Het hof acht niet bewezen hetgeen verdachte meer of anders is tenlastegelegd dan hierboven is bewezenverklaard, zodat deze daarvan behoort te worden vrijgesproken.

Strafbaarheid van het bewezenverklaarde

Het onder 1 derde subsidiair bewezen verklaarde levert op:
medeplichtigheid aan zware mishandeling met voorbedachte raad, begaan tegen een kind dat hij verzorgt of opvoedt als behorend tot zijn gezin, terwijl het feit de dood ten gevolge heeft.
Het onder 2 vijfde subsidiair bewezen verklaarde levert op:
medeplichtigheid aan poging tot zware mishandeling, begaan tegen een kind dat hij verzorgt of opvoedt als behorend tot zijn gezin.
Het onder 2 zevende subsidiair bewezen verklaarde levert op:
medeplichtigheid aan mishandeling, begaan tegeneen kind dat hij verzorgt of opvoedt als behorend tot zijn gezin, meermalen gepleegd.
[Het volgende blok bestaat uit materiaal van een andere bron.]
Lemma doubly_attached_of_separated_enum j :
  #|C| = n -> clean e VH C -> shortest_even_hole e VH C ->
  j < n -> f 0 \notin S -> f j \notin S -> ~~ connect R (f 0) (f j) ->
  doubly_attached_pair VH S.
Proof.
have [fC f_per _ _ _] := f_enum.
move=> C_card C_clean C_short j_n f0 fj not_conn.
have fn : f n = f 0 by rewrite -(add0n n) f_per.
have j_pos : 0 < j by rewrite lt0n; apply: contraNneq not_conn => ->; exact: connect0.
have [a1 a1_range fa1] := enum_separated_meets_S (leq0n j) f0 fj not_conn.
have [b1 b1_range fb1] : exists2 t, j < t < n & f t \in S.
  apply: enum_separated_meets_S; rewrite ?fn //; first exact: ltnW.
  by rewrite (sym_connect_sym (induced_rel_sym _)).
have [a [a' [b' [b [a_range j_range b_range [fa fa' fb' fb] loc]]]]] :=
  extremal_indices (P := fun t => f t \in S) f0 fj (ex_intro2 _ _ a1 a1_range fa1)
    (ex_intro2 _ _ b1 b1_range fb1).
have [a_pos aa'] := andP a_range; have [a'j jb'] := andP j_range; have [b'b b_n] := andP b_range.
have a_j : 0 < a < j by rewrite a_pos (leq_ltn_trans aa' a'j).
have j_b : j < b < n by rewrite (leq_trans jb' b'b) b_n.
have sC : s \notin C := center_notin_enum a_j j_b f0 fj fa fb.
have S_eq t : (f t \in S) = e s (f t).
  rewrite S_def !inE (subsetP CVH _ (fC t)) /=.
  by have -> : (f t == s) = false by apply/negbTE; apply: contraNneq sC => <-.
have [s_not_major s_not_n22] := C_clean s sVH.
have [a'E b'E] : a' = a /\ b' = b.
  apply: (star_neighbours_two_vertices f_enum C_card C_short sVH sC s_not_major s_not_n22
            a_pos aa' (leq_ltn_trans a'j jb') b'b b_n); rewrite -?S_eq //.
  by move=> i i_n; rewrite -S_eq; exact: loc.
subst a' b'; apply: (doubly_attached_of_indices a_j j_b fa fb _ not_conn).
by move=> t t_n /(loc t t_n) [] /andP [h1 h2]; [left | right]; apply/eqP; rewrite eqn_leq h1 h2.
Qed.

End StarCutset.

Lemma doubly_attached_of_uncovered_hole (VH S C : {set T}) s :
  S = closed_nbhd e VH s -> s \in VH -> components e (VH :\: S) != set0 ->
  clean e VH C -> shortest_even_hole e VH C ->
  (forall B, B \in components e (VH :\: S) -> ~~ (C \subset B :|: S)) ->
  doubly_attached_pair VH S.
Proof.
move=> S_def sVH /set0Pn [B0 B0_comp] C_clean C_short uncovered.
have [[[CVH C_hole] _] _] := C_short.
have [x0 x0C x0_out] := subsetPn (uncovered _ B0_comp).
have [f f_enum f0] := hole_circular_enum C_hole x0C.
have [fC _ _ _ [_ f_surj]] := f_enum.
have f0S : f 0 \notin S by move: x0_out; rewrite f0 inE negb_or => /andP [].
have VS0 : f 0 \in VH :\: S by rewrite in_setD f0S (subsetP CVH) ?fC.
have [x1 x1C x1_out] := subsetPn (uncovered _ (component_of_in_components VS0)).
have [j j_n fj] := f_surj _ x1C; subst x1.
move: x1_out; rewrite in_setU negb_or => /andP [fj_out fjS].
apply: (doubly_attached_of_separated_enum S_def sVH f_enum CVH (j := j)) => //.
by apply: contra fj_out => conn; rewrite in_set in_setD fjS (subsetP CVH) ?fC.
Qed.

End Graph.

Theorem lemma16 (T : finType) (e : rel T) (VH S : {set T}) (u1 u2 u3 : T) :
  simple_graph e ->
  lucky_tracker e VH u1 u2 u3 ->
  full_star_cutset e VH S ->
  (forall C, u_hole e VH u1 u2 u3 C ->
     exists2 B, B \in components e (VH :\: S) & C \subset B :|: S)
  \/
  (exists s1 s2 B1 B2,
     [/\ [/\ s1 \in S, s2 \in S, s1 != s2 & ~~ e s1 s2],
         [/\ B1 \in components e (VH :\: S), B2 \in components e (VH :\: S) & B1 != B2] &
         [/\ [set s1; s2] \subset nbhd_of_set e VH B1 &
             [set s1; s2] \subset nbhd_of_set e VH B2]]).
Proof.
move=> [e_sym e_irr] _ [[SVH _ more_comps] [s sS S_def]].
have comps : components e (VH :\: S) != set0 by rewrite -card_gt0 (leq_trans _ more_comps).
have [split|no_split] := classic (doubly_attached_pair e VH S); first by right.
left => C [C_clean C_short _].
have [/exists_inP [B B_comp CB]|uncovered] :=
  boolP [exists B in components e (VH :\: S), C \subset B :|: S]; first by exists B.
case: no_split; apply: (doubly_attached_of_uncovered_hole e_sym e_irr S_def (subsetP SVH _ sS) comps C_clean C_short).
by move=> B B_comp; apply: contra uncovered => CB; apply/exists_inP; exists B.
Qed.
(* Let $S$ be a closed densely defined symmetric operator in a separable Hilbert space $\mathfrak H$ with equal nonzero defect numbers. Then $S$ is a Phillips symmetric operator if and only if $$\mathfrak N_\lambda\subset \mathcal D(S)\dotplus \mathfrak N_\mu\quad\text{for all }\lambda,\mu\in\mathbb C_+ .$$
   Context: $\mathbb C_\pm$ denote the open upper/lower half planes. For a closed densely defined symmetric operator $S$ in $\mathfrak H$, $\mathfrak N_\lambda=\ker(S^*-\lambda I)$, $\lambda\in\mathbb C\setminus\mathbb R$, are its defect subspaces, and its defect numbers are $\langle\dim\mathfrak N_i,\dim\mathfrak N_{-i}\rangle$; $\dotplus$ denotes a (non-orthogonal) direct sum. A boundary triplet of $S^*$ is $(\mathcal H,\Gamma_-,\Gamma_+)$, where $\mathcal H$ is a Hilbert space and $\Gamma_\pm:\mathcal D(S^* )\to\mathcal H$ are linear maps with $(S^*f,g)-(f,S^*g)=i[(\Gamma_+f,\Gamma_+g)_{\mathcal H}-(\Gamma_-f,\Gamma_-g)_{\mathcal H}]$ for all $f,g\in\mathcal D(S^* )$ and $(\Gamma_-,\Gamma_+):\mathcal D(S^* )\to\mathcal H\oplus\mathcal H$ surjective. For $\lambda\in\mathbb C_+$ let $A_\lambda=S^*\upharpoonright_{\mathcal D(S)\dotplus\mathfrak N_\lambda}$; there is a bounded operator $\Theta(\lambda)$ in $\mathcal H$ such that $\mathcal D(A_\lambda)=\{f\in\mathcal D(S^* ):\Theta(\lambda)\Gamma_+f=\Gamma_-f\}$; $\Theta(\cdot)$ is called the characteristic function of $S$ associated with the triplet. A closed densely defined symmetric operator with equal nonzero defect numbers is called a Phillips symmetric operator (PSO) if its characteristic function is constant on $\mathbb C_+$ (this property does not depend on the choice of boundary triplet). *)

From Stdlib Require Import Reals List.
Open Scope R_scope.
Set Implicit Arguments.

Record Cplx := mkC { re : R ; im : R }.
Definition C0 : Cplx := mkC 0 0.
Definition C1 : Cplx := mkC 1 0.
Definition Ci : Cplx := mkC 0 1.
Definition Cadd (a b : Cplx) : Cplx := mkC (re a + re b) (im a + im b).
Definition Copp (a : Cplx) : Cplx := mkC (- re a) (- im a).
Definition Csub (a b : Cplx) : Cplx := Cadd a (Copp b).
Definition Cmul (a b : Cplx) : Cplx :=
  mkC (re a * re b - im a * im b) (re a * im b + im a * re b).
Definition Cconj (a : Cplx) : Cplx := mkC (re a) (- im a).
Strafbaarheid van de verdachte

De raadsman heeft ter terechtzitting in hoger beroep aangevoerd dat verdachte door een diep gewortelde (doods)angst was verlamd en daardoor niet kon ingrijpen toen medeverdachte [medeverdachte] haar dochter mishandelde. Pas toen zij onder het juk van [medeverdachte] vandaan was, kon zij het ware verhaal vertellen. De verklaring van verdachte vindt niet alleen steun in de verklaringen van verschillende getuigen in dit dossier, maar ook in hetgeen de psychiater en psycholoog hebben gerapporteerd over de persoon van verdachte. Angst was één van de oorzaken van het niet-handelen van verdachte toen dat wel geboden was, aldus de raadsman.
Hoewel de raadsman geen conclusies heeft verbonden aan zijn betoog, zal het hof het verweer opvatten als een beroep op psychische overmacht.
Het hof stelt voorop dat bij psychische overmacht sprake is van een van buiten komende drang waaraan verdachte redelijkerwijs geen weerstand kon en ook niet behoefde te bieden.
Met de advocaat-generaal is het hof van oordeel dat het beroep op psychische overmacht niet kan slagen.
Zowel psycholoog [psycholoog] als psychiater [psychiater] hebben over de persoon van verdachte gerapporteerd en hebben in hun rapporten van respectievelijk 21 oktober 2013 en 28 oktober 2013 aandacht besteed aan de door verdachte gestelde angst voor medeverdachte [medeverdachte] . [psychiater] overweegt in zijn rapport dat verdachte in het verleden assertief gedrag heeft laten zien in de relatie met haar moeder en ook binnen de relatie met medeverdachte [medeverdachte] . Zij had de ervaring dat als ze hysterisch ging schreeuwen, [medeverdachte] ophield met zijn destructieve gedrag. Hoewel [psychiater] voorgaande vaststellingen gebruikt ter onderbouwing van zijn advies over de toerekeningsvatbaarheid, heeft hij ter zitting van de rechtbank op 20 januari 2015 verklaard dat verdachte wel degelijk in staat moet worden geacht grenzen te stellen en [medeverdachte] aan te spreken. Gelet hierop kan niet worden gezegd dat sprake was van een van buiten komende drang waaraan verdachte geen weerstand kon en hoefde te bieden. Voor zover er sprake was van een dergelijke drang, kon van verdachte redelijkerwijs worden verwacht dat zij weerstand bood tegen die drang, nu het ging om herhaalde en verregaande schendingen van de fysieke integriteit van haar dochter.
Het hof verwerpt het verweer.
Verdachte is strafbaar aangezien ook overigens geen omstandigheid is gebleken of aannemelijk geworden die verdachte niet strafbaar zou doen zijn.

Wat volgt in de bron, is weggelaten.